Then the auxiliary graph $\Gamma(G, H, \alpha)$ has vertex set $V(G) \cupdot V(H)$,
 edge set $E(G) \cupdot E(H) \cupdot E(\alpha)$ where $E(\alpha) := \{x \alpha(x)|x \in V (G)\}$,
 vertex labels $(a_G(x), 1)$ for $x \in V(G)$ and $(a_H(x), 2)$ for $x \in V(H)$ and edge labels
 $b(e) = b_G(e)$ if $e \in E(G)$, $b(e) = b_H(e)$ if $e \in E(H)$, and $b(e) =$ * with *
distinct from the edge labels in $G$ and $H$, if $e \in E(\alpha)$.\\

\textbf{Definition:} Let $\alpha$ : $V(G) \rightarrow V(H)$ be an an atom map. Then $\Upsilon(G, H, \alpha)$
is the \textbf{imaginary transition state graph} with vertex set $V(G)$, vertex labels $a_\Upsilon (x) = a_G (x)$ for all
$x \in V(G)$, and edges $xy \in E(G)$ if and only if $xy \in G$ or $\alpha(x)\alpha(y) \in E(H)$,
and tuple edge labels

$$
b(xy) := \begin{cases}
(b (xy), b_H(\alpha(x)\alpha(y))) & if xy \in E(G) \text{ and }\alpha(x)\alpha(y) \in E(H) \\
(b_G(xy), \text{ * } ) & if xy \in E(G) \text{ and } \alpha(x)\alpha(y) \notin E(H) \\
(\text{ * } , b_H(\alpha(x)\alpha(y)))  & if xy \notin E(G) \text{ and } \alpha(x)\alpha(y) \in E(H)
\end{cases}
$$

\begin{figure}[htp]
  \centering
  \includegraphics[width=0.6\linewidth]{images/ITS_example.png}
  \caption{\emph{From reaction to imaginary transition states:}
  Atom maps and their equivalent graphs.
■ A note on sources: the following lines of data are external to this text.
(* Let $\mathcal{C}$ be a hereditary class of finite simple graphs and let $f:\mathcal{C}\to\mathbb{R}$ be a function satisfying: (1) $f(G)\le |V(G)|$ whenever $G\in\mathcal{C}$ has no edges (i.e. $G$ is a collection of isolated vertices); and, for every $G\in\mathcal{C}$ with at least one edge, there exists a nonempty sequence of vertices $v_1,\dots,v_k$ of $G$ such that, setting $G_0=G$ and $G_i=G-v_1-v_2-\cdots-v_i$ for $0\le i\le k$: (2) $f(G_i-\operatorname{st}_{G_i}v_{i+1})+1\ge f(G)$ for all $0\le i\le k-1$; (3) $f(\overline{G_k})+|\operatorname{is}(G_k)|\ge f(G)$. Then for every graph $G\in\mathcal{C}$, \[\operatorname{pd}(G)\le |V(G)|-f(G).\]
   Context: All graphs are finite and simple. A class $\mathcal{C}$ of graphs is hereditary if $G-x\in\mathcal{C}$ whenever $G\in\mathcal{C}$ and $x$ is a vertex of $G$ (here $G-x$ is the induced subgraph on $V(G)\setminus\{x\}$). For a graph $H$ and a vertex $v$, $\operatorname{st}_H v$ is the induced subgraph of $H$ on $v$ together with its neighbors in $H$, and $H-\operatorname{st}_H v$ denotes $H$ with these vertices deleted. $\operatorname{is}(H)$ is the set of isolated vertices of $H$ and $\overline{H}=H-\operatorname{is}(H)$. For a graph $G$ with vertex set $\{x_1,\dots,x_n\}$ and a fixed field $\mathbf{k}$, let $S=\mathbf{k}[x_1,\dots,x_n]$ and let $I(G)=(x_ix_j : (x_i,x_j)\text{ an edge of }G)$ be the edge ideal; $\operatorname{pd}(G)$ denotes the projective dimension of $S/I(G)$ over $S$. *)

From Stdlib Require Import Reals.
From mathcomp Require Import all_boot all_order all_algebra.
From mathcomp Require Import finmap mpoly.

Set Implicit Arguments.
Unset Strict Implicit.
Unset Printing Implicit Defensive.

Import GRing.Theory.
Local Open Scope fset_scope.

Definition wf_graph (V : {fset nat}) (E : {fset {fset nat}}) : bool :=
  all (fun e : {fset nat} => (#|` e| == 2) && (e `<=` V)) (enum_fset E).

Record graph := Graph {
  gV : {fset nat};
  gE : {fset {fset nat}};
  gwf : wf_graph gV gE }.

Definition adj (G : graph) (u v : nat) : bool := [fset u; v] \in gE G.

Lemma induced_wf (G : graph) (A : {fset nat}) :
  wf_graph (gV G `&` A) [fset e in gE G | e `<=` A].
Proof.
apply/allP => e; rewrite !inE => /andP[eE eA].
have /allP/(_ e) := gwf G; move=> /(_ eE) /andP[-> eV] /=.
by rewrite fsubsetI eV eA.
Qed.

Definition induced (G : graph) (A : {fset nat}) : graph :=
  Graph (induced_wf G A).

Definition delv (G : graph) (x : nat) : graph := induced G (gV G `\ x).

Definition delseq (G : graph) (vs : seq nat) : graph := foldl delv G vs.

Definition stset (G : graph) (v : nat) : {fset nat} :=
  v |` [fset u in gV G | adj G u v].

Definition delst (G : graph) (v : nat) : graph :=
  induced G (gV G `\` stset G v).

Definition isol (G : graph) : {fset nat} :=
  [fset v in gV G | ~~ has (fun e : {fset nat} => v \in e) (enum_fset (gE G))].
(* Let $f(q)=q^{-1}+\sum_{k\geq1}a_kq^k$ be completely $(2{+})$-replicable with replicates $f^{[n]}(q)=q^{-1}+\sum_{k\geq1}a_k^{[n]}q^k$, $n\in\mathbb{N}\cup\sqrt{2}\mathbb{N}$. Then $$\sigma_2\Big(f^{[2]}(2z),\,f^{[\sqrt{2}]}(z),\,f^{[\sqrt{2}]}\big(z+\tfrac12\big),\,f\big(\tfrac{z}{2}\big),\,f\big(\tfrac{z+1}{2}\big)\Big)=2a_2f(z)-f^{[2]}(z)+2(a_4-a_1)+2a_2^{[\sqrt{2}]}-\big(f^{[\sqrt{2}]}(z)\big)^2,$$ where $\sigma_2(x_1,\dots,x_5)=\sum_{1\leq i<j\leq5}x_ix_j$ is the second elementary symmetric function.
   Context: Here $q=e^{2\pi iz}$ and a series $h(q)$ is also written $h(z)$; for integers $a,d>0$ and $b$, $h\big(\frac{az+b}{d}\big)$ denotes the formal series obtained by substituting $q\mapsto e^{2\pi ib/d}q^{a/d}$ (so e.g. $h(z+\frac12)$ means $q\mapsto -q$, $h(\frac{z+1}{2})$ means $q\mapsto -q^{1/2}$). Faber polynomials: for $h=q^{-1}+\sum_{k\geq1}c_kq^k$ with complex coefficients, $P_{n,h}(X)$ is the unique monic polynomial of degree $n$ with $P_{n,h}(h)-q^{-n}$ containing only positive powers of $q$. A series $h$ of this form is $(2{+})$-replicable with $(2{+})$-replicates $h^{[n]},h^{[n\sqrt{2}]}$ ($n\in\mathbb{N}$, series of the same form, $h^{[1]}=h$) if for every $n\geq1$ $$P_{n,h}(h)=\sum_{\substack{ad=n\\0\leq b<d}}h^{[a]}\Big(\frac{az+b}{d}\Big)+\sum_{\substack{ad=n\\ d\ \text{even}\\0\leq b<d}}h^{[a\sqrt{2}]}\Big(\frac{2az+b}{d}\Big).$$ $f$ is completely $(2{+})$-replicable with replicates $f^{[n]}$, $n\in\mathbb{N}\cup\sqrt{2}\mathbb{N}$ ($f^{[1]}=f$), if $f$ is $(2{+})$-replicable with these replicates and for every $n\in\mathbb{N}\cup\sqrt{2}\mathbb{N}$ the series $f^{[n]}$ is $(2{+})$-replicable with $(2{+})$-replicates $(f^{[n]})^{[m]}=f^{[mn]}$, $m\in\mathbb{N}\cup\sqrt{2}\mathbb{N}$. *)

From mathcomp Require Import all_boot all_order all_algebra.
From mathcomp Require Import reals Rstruct.
From mathcomp.real_closed Require Import complex.
From Stdlib Require Import Rdefinitions Rtrigo_def Rtrigo1.
Set Implicit Arguments. Unset Strict Implicit. Unset Printing Implicit Defensive.
Import GRing.Theory Num.Theory.
Local Open Scope ring_scope.

Notation C := (complex Rdefinitions.R).

Definition zeta (d : nat) (m : int) : C :=
  Complex (cos (2 * PI * m%:~R / d%:R)) (sin (2 * PI * m%:~R / d%:R)).

(* Laur v c represents  t^(-v) * \sum_{k>=0} c k t^k ;
   two representations are compared through their coefficient functions. *)
Record laur := Laur { lv : nat; lc : nat -> C }.

Definition lcoef (L : laur) (m : int) : C :=
  match (m + (lv L)%:Z) with Posz k => lc L k | Negz _ => 0 end.

Definition lzero : laur := Laur 0 (fun _ => 0).
Definition lone : laur := Laur 0 (fun k => if k == O then 1 else 0).
Definition lconst (x : C) : laur := Laur 0 (fun k => if k == O then x else 0).
Definition ladd (L1 L2 : laur) : laur :=
  let v := maxn (lv L1) (lv L2) in
  Laur v (fun k => lcoef L1 (k%:Z - v%:Z) + lcoef L2 (k%:Z - v%:Z)).
Definition lscale (x : C) (L : laur) : laur := Laur (lv L) (fun k => x * lc L k).
Definition lsub (L1 L2 : laur) : laur := ladd L1 (lscale (-1) L2).
Definition lmul (L1 L2 : laur) : laur :=
  Laur (lv L1 + lv L2) (fun k => \sum_(i < k.+1) lc L1 i * lc L2 (k - i)).
Definition lpow (L : laur) (n : nat) : laur := iter n (lmul L) lone.
Definition leval (P : {poly C}) (L : laur) : laur :=
  \big[ladd/lzero]_(i < size P) lscale P`_i (lpow L i).
Definition leq_ser (L1 L2 : laur) : Prop := forall m : int, lcoef L1 m = lcoef L2 m.

(* A normalized series h = q^-1 + \sum_{k>=1} c k q^k is given by its
   coefficient function c : nat -> C (the value c 0 is irrelevant).       *)

(* hsub a b d D c : the series h((a z + b)/d), i.e. h with
   q |-> e^(2 pi i b/d) q^(a/d), written as a Laurent series in the variable
   t = q^(1/D) (meaningful when d %| D, so that q^(a/d) = t^(a D/d)).       *)
Definition hsub (a b d D : nat) (c : nat -> C) : laur :=
  let v := divn (muln a D) d in
  Laur v (fun j => if j == O then zeta d (- b%:Z)
                   else if dvdn v j && leq 2 (divn j v)
                        then zeta d (muln b (divn j v).-1)%:Z * c (divn j v).-1
                        else 0).

Definition hser (c : nat -> C) : laur := hsub 1 0 1 1 c.

Definition is_faber (c : nat -> C) (n : nat) (P : {poly C}) : Prop :=
  P \is monic /\ size P = n.+1 /\
  forall m : int, m <= 0 -> lcoef (leval P (hser c)) m = (m == - n%:Z)%:R.

(* (2+)-replicability of the series with coefficients r 1, with replicates
   h^[a] = series of r a and h^[a sqrt 2] = series of r2 a (a >= 1).
   The n-th identity is stated in the variable t = q^(1/n), in which every
   term h^[a]((az+b)/d) (ad = n) is a Laurent series.                       *)
Definition replicable2 (r r2 : nat -> nat -> C) : Prop :=
  forall n : nat, ltn 0 n -> forall P : {poly C}, is_faber (r 1%N) n P ->
    leq_ser (leval P (hsub 1 0 1 n (r 1%N)))
      (ladd
        (\big[ladd/lzero]_(d < n.+1 | ltn 0 d && (dvdn d n))
           \big[ladd/lzero]_(b < d) hsub (divn n d) b d n (r (divn n d)))
        (\big[ladd/lzero]_(d < n.+1 | [&& ltn 0 d, (dvdn d n) & ~~ odd d])
           \big[ladd/lzero]_(b < d) hsub (muln 2 (divn n d)) b d n (r2 (divn n d)))).

(* Index set N u sqrt2 N: (m, s) stands for m * sqrt(2)^s (m >= 1). *)
Definition idx_mul (x y : nat * bool) : nat * bool :=
  (muln (muln x.1 y.1) (if x.2 && y.2 then 2 else 1), x.2 (+) y.2).

(* F (m, false) = f^[m], F (m, true) = f^[m sqrt 2]; f = F (1, false). *)
Definition completely_replicable2 (F : nat * bool -> nat -> C) : Prop :=
  forall x : nat * bool, ltn 0 x.1 ->
    replicable2 (fun m => F (idx_mul (m, false) x)) (fun m => F (idx_mul (m, true) x)).

Definition lsigma2 (xs : seq laur) : laur :=
  \big[ladd/lzero]_(i < size xs)
     \big[ladd/lzero]_(j < size xs | ltn i j) lmul (nth lzero xs i) (nth lzero xs j).

From Stdlib Require Import Rdefinitions Raxioms RIneq Rtrigo_def Rtrigo1.
From mathcomp Require Import all_boot all_order all_algebra.
From mathcomp Require Import reals Rstruct.
From mathcomp.real_closed Require Import complex.
From mathcomp Require Import ring zify.
Set Implicit Arguments. Unset Strict Implicit. Unset Printing Implicit Defensive.
Import Order.TTheory GRing.Theory Num.Theory.
Local Open Scope ring_scope.

(* The five series x1, ..., x5 are exactly the terms of the n = 2 replication
   formula of f, so their sum is P2(f) = f^2 - 2 a1 and
   2 sigma2(x) = P2(f)^2 - (x1^2 + ... + x5^2).  Each square x_i^2 is given
   by an n = 2 replication formula again: for f^[2] at 2z, for f^[sqrt 2] at
   z and z + 1/2, and for f at z/2 and (z + 1)/2, i.e. after the substitutions
   q |-> +-q^(1/2), +-i q^(1/4).  Comparing P2(f)^2 with the n = 4 formula for
   P4(f) = f^4 - 4 a1 f^2 - 4 a2 f + 2 a1^2 - 4 a3, everything cancels except
   the claimed right-hand side and the constant
   a1^2 + 2 a3 - a1^[2] - 2 a4 - 2 a2^[sqrt 2], which vanishes by comparing
   the q^2 coefficients of the n = 2 formula of f.
   To compute, a Laurent series in t = q^(1/2) is multiplied by a power of t,
   truncated below t^N and evaluated at t = s^2; every identity of series then
   becomes a congruence of polynomials in s = q^(1/4) modulo s^N. *)

(** * Roots of unity *)

Lemma zetaD d m1 m2 : zeta d (m1 + m2) = zeta d m1 * zeta d m2.
Proof.
rewrite /zeta intrD.
move: (m1%:~R : R) (m2%:~R : R) (d%:R : R) => a b e.
rewrite (_ : Rdiv _ e = Rplus (Rdiv (2 * PI * a) e) (Rdiv (2 * PI * b) e)); last first.
  by rewrite /Rdiv Rmult_plus_distr_l Rmult_plus_distr_r.
by rewrite cos_plus sin_plus /=; congr Complex; rewrite Rplus_comm.
Qed.

Lemma zeta0 d : zeta d 0 = 1.
Proof.
rewrite /zeta (_ : Rdiv _ _ = 0%R) ?cos_0 ?sin_0 //.
by rewrite /Rdiv /= Rmult_0_r Rmult_0_l.
Qed.

Lemma zetaNK d m : zeta d (- m) * zeta d m = 1.
Proof. by rewrite -zetaD addNr zeta0. Qed.

Lemma zeta_nat d n : zeta d n%:Z = zeta d 1 ^+ n.
Proof. by elim: n => [|n IH]; rewrite ?zeta0 // -addn1 PoszD zetaD IH exprD. Qed.

Lemma zeta_half : zeta 2 1 = -1.
Proof.
rewrite /zeta (_ : Rdiv _ _ = PI).
  by rewrite cos_PI sin_PI; apply/eqP; rewrite eq_complex /= oppr0 !eqxx.
by rewrite RdivE !RmultE IZRposE INRE /=; field.
Qed.

Lemma zeta_quarter : zeta 4 1 = 'i.
Proof.
rewrite /zeta (_ : Rdiv _ _ = Rdiv PI (IZR 2)); first by rewrite cos_PI2 sin_PI2 -complexiE.
by rewrite !RdivE !RmultE !IZRposE !INRE /=; field.
Qed.

Lemma zetaN d m : zeta d (- m) = (zeta d m)^-1.
Proof.
have nz : zeta d m != 0.
  by apply/eqP => h; move: (zetaNK d m); rewrite h mulr0 => /eqP; rewrite eq_sym oner_eq0.
by rewrite -[LHS]mulr1 -(mulfV nz) mulrA zetaNK mul1r.
Qed.

Lemma zeta_quarter2 : zeta 4 2 = -1.
Proof. by rewrite zeta_nat zeta_quarter sqrCi. Qed.

Lemma zeta_quarter3 : zeta 4 3 = - 'i.
Proof. by rewrite zeta_nat zeta_quarter exprS sqrCi mulrN1. Qed.

(** * Truncated power series *)

Reserved Notation "p = q %[modX N ]"
  (at level 70, q at next level, format "'[hv ' p '/' =  q '/'  %[modX  N ] ']'").

Definition eqmodX (R : nzRingType) (N : nat) (p q : {poly R}) :=
  take_poly N p = take_poly N q.
Notation "p = q %[modX N ]" := (eqmodX N p q) : ring_scope.

Section TruncatedPowerSeries.
Variable R : comNzRingType.
Variable N : nat.
Implicit Types p q r : {poly R}.

Lemma eqmodXP p q : (forall k, (k < N)%N -> p`_k = q`_k) <-> p = q %[modX N].
Proof.
split=> [h|h k kN]; last by have := congr1 (coefp k) h; rewrite /= !coef_take_poly kN.
by apply/polyP => k; rewrite !coef_take_poly; case: ifP => // /h.
Qed.

Lemma eqmodX_refl p : p = p %[modX N].
Proof. by []. Qed.

Lemma eqmodX_eq p q : p = q -> p = q %[modX N].
Proof. by move->. Qed.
Top: reaction of
  the L-aspartate to fumarate and NH4+. Below,
  the chemically correct atom map $\alpha$ is shown, using dotted
  lines to connect corresponding atom. For simplicity of the
  presentation, the ammonium hydrogens are also suppresses
  in the auxiliary graphs below. $\Gamma (G, H, \alpha)$ is shown
  with vertices and edges of $G$ in gray, vertices and edges of $H$ in black,
  and the matching $E(\alpha)$ as dotted lines. In $\Upsilon(G, H, \alpha)$,
  vertices and edges with the same label in both G and H are
  drawn as full lines, while ``reaction edges'' are shown as dotted lines
  annotated by the corresponding label pairs: (=, -)
  denotes a change from a double bond to a single bond and
  (-, *) denotes the breaking of the single bond}
  \label{fig:its}
\end{figure}

As an important result, two atom maps $\alpha$ and $\beta$ are identical if an only if their corresponding ITS graphs $\Upsilon(G, H, \alpha)$ and $\Upsilon(G, H, \beta)$ are isomorphic. \\

The mechanism of a reaction is encoded by its \textbf{reaction center}, defined as the set of bonds changed between reactants and product side including respective adjacent atoms.
In an ITS graph, the reaction center is exactly the subgraph induced by the set of edges with divergent labels in the tuple.
The same chemical mechanism may appear in multiple different reactions. Although reactants and/or product compounds differ, the reaction center is constant for each mechanism. Accordingly, in order to test if two reactions use the same mechanism, and thereby belong to the same reaction class, we proceed as follows: First compute the ITS graphs of both reactions and extract the reaction centers. If the reaction centers are isomorphic, they use the same mechanism.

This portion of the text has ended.